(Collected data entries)
Lemma normr_Rintegral_le f M : bounded_measurable f -> (forall x, `|f x| <= M) ->
  `|\int[mu]_x f x| <= M * fine (mu setT).
Proof.
move=> bf fM.
rewrite (le_trans (le_normr_Rintegral _ _)) ?finite_measure_integrable//.
rewrite -Rintegral_cst//; apply: le_Rintegral => //.
- exact/integrable_norm/finite_measure_integrable.
- exact/finite_measure_integrable/bounded_measurable_cst.
Qed.

Lemma fine_measure_ge_scale (A B : set T) c : measurable A -> measurable B ->
  (c%:E * mu B <= mu A)%E -> c * fine (mu B) <= fine (mu A).
Proof. by move=> mA mB; rewrite -lee_fin EFinM !fineK ?fin_num_measure. Qed.

Lemma Rintegral_indicT (A : set T) : measurable A ->
  \int[mu]_x (\1_A x : R) = fine (mu A).
Proof. by move=> mA; rewrite /Rintegral integral_indic// setIT. Qed.

End bounded_measurable.

Section real_Fubini.
Context d0 (T : measurableType d0) (R : realType).
Variable mu : {finite_measure set T -> \bar R}.

Lemma bounded_measurable_pair1 (H : T * T -> R) y :
  bounded_measurable H -> bounded_measurable (fun x => H (x, y)).
Proof. by move=> [mH [M HM]]; split; [exact: measurable_fun_pair1 | exists M]. Qed.

Lemma bounded_measurable_pair2 (H : T * T -> R) x :
  bounded_measurable H -> bounded_measurable (fun y => H (x, y)).
Proof. by move=> [mH [M HM]]; split; [exact: measurable_fun_pair2 | exists M]. Qed.

Lemma product_measureT_lty : ((mu \x mu)%E setT < +oo)%E.
Proof.
rewrite -setXTT product_measure1E// lte_mul_pinfty ?fin_num_measure//.
exact: finite_measureT_lty.
Qed.

Let integrable2 H :
  bounded_measurable H -> (mu \x mu)%E.-integrable setT (EFin \o H) :=
  bounded_measurable_integrable product_measureT_lty.

Lemma integral_pair2 (H : T * T -> R) x : bounded_measurable H ->
  (\int[mu]_y (H (x, y))%:E)%E = (\int[mu]_y H (x, y))%:E.
Proof.
move=> bH; rewrite fineK//; apply: integrable_fin_num => //.
exact/finite_measure_integrable/bounded_measurable_pair2.
Qed.

Lemma bounded_measurable_Rintegral2 (H : T * T -> R) : bounded_measurable H ->
  bounded_measurable (fun x => \int[mu]_y H (x, y)).
Proof.
move=> bH; split.
  apply/measurable_EFinP.
  rewrite (_ : _ \o _ = fubini_F mu (EFin \o H)).
    exact: measurable_fubini_F (integrable2 bH).
  by apply/funext => x; rewrite /fubini_F /= integral_pair2.
have [_ [M HM]] := bH; exists (M * fine (mu setT)) => x.
exact: normr_Rintegral_le (bounded_measurable_pair2 _ bH) _.
Qed.

Lemma Rintegral_Fubini (H : T * T -> R) : bounded_measurable H ->
  \int[mu]_x \int[mu]_y H (x, y) = \int[mu]_y \int[mu]_x H (x, y).
Proof.
move=> bH; rewrite /Rintegral; congr fine.
transitivity (\int[mu]_x \int[mu]_y (H (x, y))%:E)%E.
  by apply: eq_integral => x _; rewrite integral_pair2.
rewrite (Fubini (integrable2 bH)); apply: eq_integral => y _.
rewrite fineK//; apply: integrable_fin_num => //.
exact/finite_measure_integrable/bounded_measurable_pair1.
Qed.

Lemma bounded_measurable_fst (f : T -> R) :
  bounded_measurable f -> bounded_measurable (fun z : T * T => f z.1).
Proof.
move=> [mf [M fM]]; split; last by exists M.
exact: measurableT_comp mf measurable_fst.
Qed.

Lemma bounded_measurable_swap (H : T * T -> R) :
  bounded_measurable H -> bounded_measurable (fun z => H (z.2, z.1)).
Proof.
move=> [mH [M HM]]; split; last by exists M.
exact: (measurableT_comp (f := H) (g := unstable.swap) mH
  (@measurable_swap _ _ T T)).
Qed.

End real_Fubini.

Section euclidean_geometry.
Variables (R : realType) (d : nat).
Local Notation T := (Rd R d).
Local Notation edist := (@Defs.edist R d).
Local Notation diam := (@Defs.diam R d).

Lemma Rd_open_measurable (A : set (pt R d)) : open A -> measurable (A : set T).
Proof. exact: sub_sigma_algebra. Qed.

Lemma Rd_closed_measurable (A : set (pt R d)) : closed A -> measurable (A : set T).
Proof.
move=> cA; rewrite -(setCK A); apply: measurableC.
by apply: Rd_open_measurable; exact: closed_openC.
Qed.

Lemma measurable_coord (i : 'I_d) :
  measurable_fun [set: T] (fun x : T => (x : pt R d) ord0 i).
Proof.
apply: (measurability _ (RGenOpens.measurableE R)).
move=> _ [_ [a [b ->] <-]]; rewrite setTI; apply: Rd_open_measurable.
move: (@coord_continuous R 1 d ord0 i) => /continuousP; apply.
exact: interval_open.
Qed.

Lemma edistE (x y : pt R d) :
  edist x y = Num.sqrt (\sum_(i < d) (x ord0 i - y ord0 i) ^+ 2).
Proof. by rewrite /Defs.edist /enorm; under eq_bigr do rewrite !mxE. Qed.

Prompt:
The lines to copy run from the one containing "End real_Fubini." through the last line above. Copy them exactly and include nothing else.

Task solution:
End real_Fubini.

Section euclidean_geometry.
Variables (R : realType) (d : nat).
Local Notation T := (Rd R d).
Local Notation edist := (@Defs.edist R d).
Local Notation diam := (@Defs.diam R d).

Lemma Rd_open_measurable (A : set (pt R d)) : open A -> measurable (A : set T).
Proof. exact: sub_sigma_algebra. Qed.

Lemma Rd_closed_measurable (A : set (pt R d)) : closed A -> measurable (A : set T).
Proof.
move=> cA; rewrite -(setCK A); apply: measurableC.
by apply: Rd_open_measurable; exact: closed_openC.
Qed.

Lemma measurable_coord (i : 'I_d) :
  measurable_fun [set: T] (fun x : T => (x : pt R d) ord0 i).
Proof.
apply: (measurability _ (RGenOpens.measurableE R)).
move=> _ [_ [a [b ->] <-]]; rewrite setTI; apply: Rd_open_measurable.
move: (@coord_continuous R 1 d ord0 i) => /continuousP; apply.
exact: interval_open.
Qed.

Lemma edistE (x y : pt R d) :
  edist x y = Num.sqrt (\sum_(i < d) (x ord0 i - y ord0 i) ^+ 2).
Proof. by rewrite /Defs.edist /enorm; under eq_bigr do rewrite !mxE. Qed.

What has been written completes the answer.